• Work order
Whatever appears in the records should be given again exactly, down to the last mark.

• Listed entries
(* For triangular N = j(j+1)/2 one has N = 12 N = 6 j^2 + 6 j modulo 11. *)
Lemma excluded_triangular N j : excluded N -> N != 'C(j.+1, 2).
Proof.
move=> exN; apply: contraTneq exN => ->.
have mod11 : 'C(j.+1, 2) = 6 * j * j + 6 * j + 0 %[mod 11].
  have -> : (6 * j * j + 6 * j + 0 = 'C(j.+1, 2) * 11 + 'C(j.+1, 2))%N.
    by have := double_bin2 j; lia.
  by rewrite modnMDl.
have := @quadratic_not_excluded 6 6 0 _ j; rewrite /excluded mod11; apply.
apply/forallP => -[r lt_r]; by do 11?case: r lt_r => [|r] lt_r //.
Qed.

Local Open Scope ring_scope.

Section Parity.
Local Notation F2 := 'F_2.

Lemma F2_char2 : 2 \in [pchar F2].
Proof. exact: pchar_Fp. Qed.

(* The square of the pentagonal series is supported on twice the pentagonal
   numbers, hence misses the excluded residues. *)
Lemma coef_pentagonal_sq n N : excluded N -> (pentagonal F2 n ^+ 2)`_N = 0.
Proof.
move=> exN; rewrite /pentagonal sqrD_char2 ?F2_char2 // expr1n coefD coef1.
rewrite (big_morph _ (sqrD_char2 F2_char2) (expr0n _ 2)) coef_sum big_nat.
rewrite big1 ?addr0 => [|[//|j] _]; first by case: N exN.
rewrite sqrD_char2 ?F2_char2 // -!exprM coefD !coefXn.
by rewrite (negbTE (excluded_pentagonal_lo j exN)) (negbTE (excluded_pentagonal_hi j.+1 exN)) addr0.
Qed.

Lemma coef_triseries k N : excluded N -> (triseries F2 k)`_N = 0.
Proof.
move=> exN; rewrite /triseries coef_sum big1 // => j _.
by rewrite coefXn (negbTE (excluded_triangular j exN)).
Qed.

Lemma coef_c11_series N : excluded N -> (c11_series F2 N)`_N = 0.
Proof.
move=> exN; rewrite (congX_coef (c11_series_congr F2_char2 N) (ltnSn N)) coefD.
have euler_sq : congX N.+1 (tailprod F2 2 0 N) (pentagonal F2 N ^+ 2).
  have -> : tailprod F2 2 0 N = tailprod F2 1 0 N ^+ 2 by rewrite tailprod_sq ?F2_char2.
  exact: congX_mul (euler_product F2_char2 N) (euler_product F2_char2 N).
rewrite (congX_coef euler_sq (ltnSn N)).
by rewrite coef_pentagonal_sq // coef_triseries // addr0.
Qed.

Lemma c11_even N : excluded N -> c11 N = 0 %[mod 2].
Proof.
move=> exN; apply/eqP; rewrite mod0n -/(dvdn 2 _).
by rewrite (dvdn_pcharf F2_char2) (c11_coef F2) coef_c11_series.
Qed.

End Parity.

Theorem mainTheorem12 (n : nat) :
  [/\ c11 (11 * n + 5) = 0 %[mod 2],
      c11 (11 * n + 7) = 0 %[mod 2] &
      c11 (11 * n + 9) = 0 %[mod 2]].
Proof.
by split; apply: c11_even; rewrite /excluded mulnC modnMDl.
Qed.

• Answer to the exercise
(* For triangular N = j(j+1)/2 one has N = 12 N = 6 j^2 + 6 j modulo 11. *)
Lemma excluded_triangular N j : excluded N -> N != 'C(j.+1, 2).
Proof.
move=> exN; apply: contraTneq exN => ->.
have mod11 : 'C(j.+1, 2) = 6 * j * j + 6 * j + 0 %[mod 11].
  have -> : (6 * j * j + 6 * j + 0 = 'C(j.+1, 2) * 11 + 'C(j.+1, 2))%N.
    by have := double_bin2 j; lia.
  by rewrite modnMDl.
have := @quadratic_not_excluded 6 6 0 _ j; rewrite /excluded mod11; apply.
apply/forallP => -[r lt_r]; by do 11?case: r lt_r => [|r] lt_r //.
Qed.

Local Open Scope ring_scope.

Section Parity.
Local Notation F2 := 'F_2.

Lemma F2_char2 : 2 \in [pchar F2].
Proof. exact: pchar_Fp. Qed.

(* The square of the pentagonal series is supported on twice the pentagonal
   numbers, hence misses the excluded residues. *)
Lemma coef_pentagonal_sq n N : excluded N -> (pentagonal F2 n ^+ 2)`_N = 0.
Proof.
move=> exN; rewrite /pentagonal sqrD_char2 ?F2_char2 // expr1n coefD coef1.
rewrite (big_morph _ (sqrD_char2 F2_char2) (expr0n _ 2)) coef_sum big_nat.
rewrite big1 ?addr0 => [|[//|j] _]; first by case: N exN.
rewrite sqrD_char2 ?F2_char2 // -!exprM coefD !coefXn.
by rewrite (negbTE (excluded_pentagonal_lo j exN)) (negbTE (excluded_pentagonal_hi j.+1 exN)) addr0.
Qed.

Lemma coef_triseries k N : excluded N -> (triseries F2 k)`_N = 0.
Proof.
move=> exN; rewrite /triseries coef_sum big1 // => j _.
by rewrite coefXn (negbTE (excluded_triangular j exN)).
Qed.

Lemma coef_c11_series N : excluded N -> (c11_series F2 N)`_N = 0.
Proof.
move=> exN; rewrite (congX_coef (c11_series_congr F2_char2 N) (ltnSn N)) coefD.
have euler_sq : congX N.+1 (tailprod F2 2 0 N) (pentagonal F2 N ^+ 2).
  have -> : tailprod F2 2 0 N = tailprod F2 1 0 N ^+ 2 by rewrite tailprod_sq ?F2_char2.
  exact: congX_mul (euler_product F2_char2 N) (euler_product F2_char2 N).
rewrite (congX_coef euler_sq (ltnSn N)).
by rewrite coef_pentagonal_sq // coef_triseries // addr0.
Qed.

Lemma c11_even N : excluded N -> c11 N = 0 %[mod 2].
Proof.
move=> exN; apply/eqP; rewrite mod0n -/(dvdn 2 _).
by rewrite (dvdn_pcharf F2_char2) (c11_coef F2) coef_c11_series.
Qed.

End Parity.

Theorem mainTheorem12 (n : nat) :
  [/\ c11 (11 * n + 5) = 0 %[mod 2],
      c11 (11 * n + 7) = 0 %[mod 2] &
      c11 (11 * n + 9) = 0 %[mod 2]].
Proof.
by split; apply: c11_even; rewrite /excluded mulnC modnMDl.
Qed.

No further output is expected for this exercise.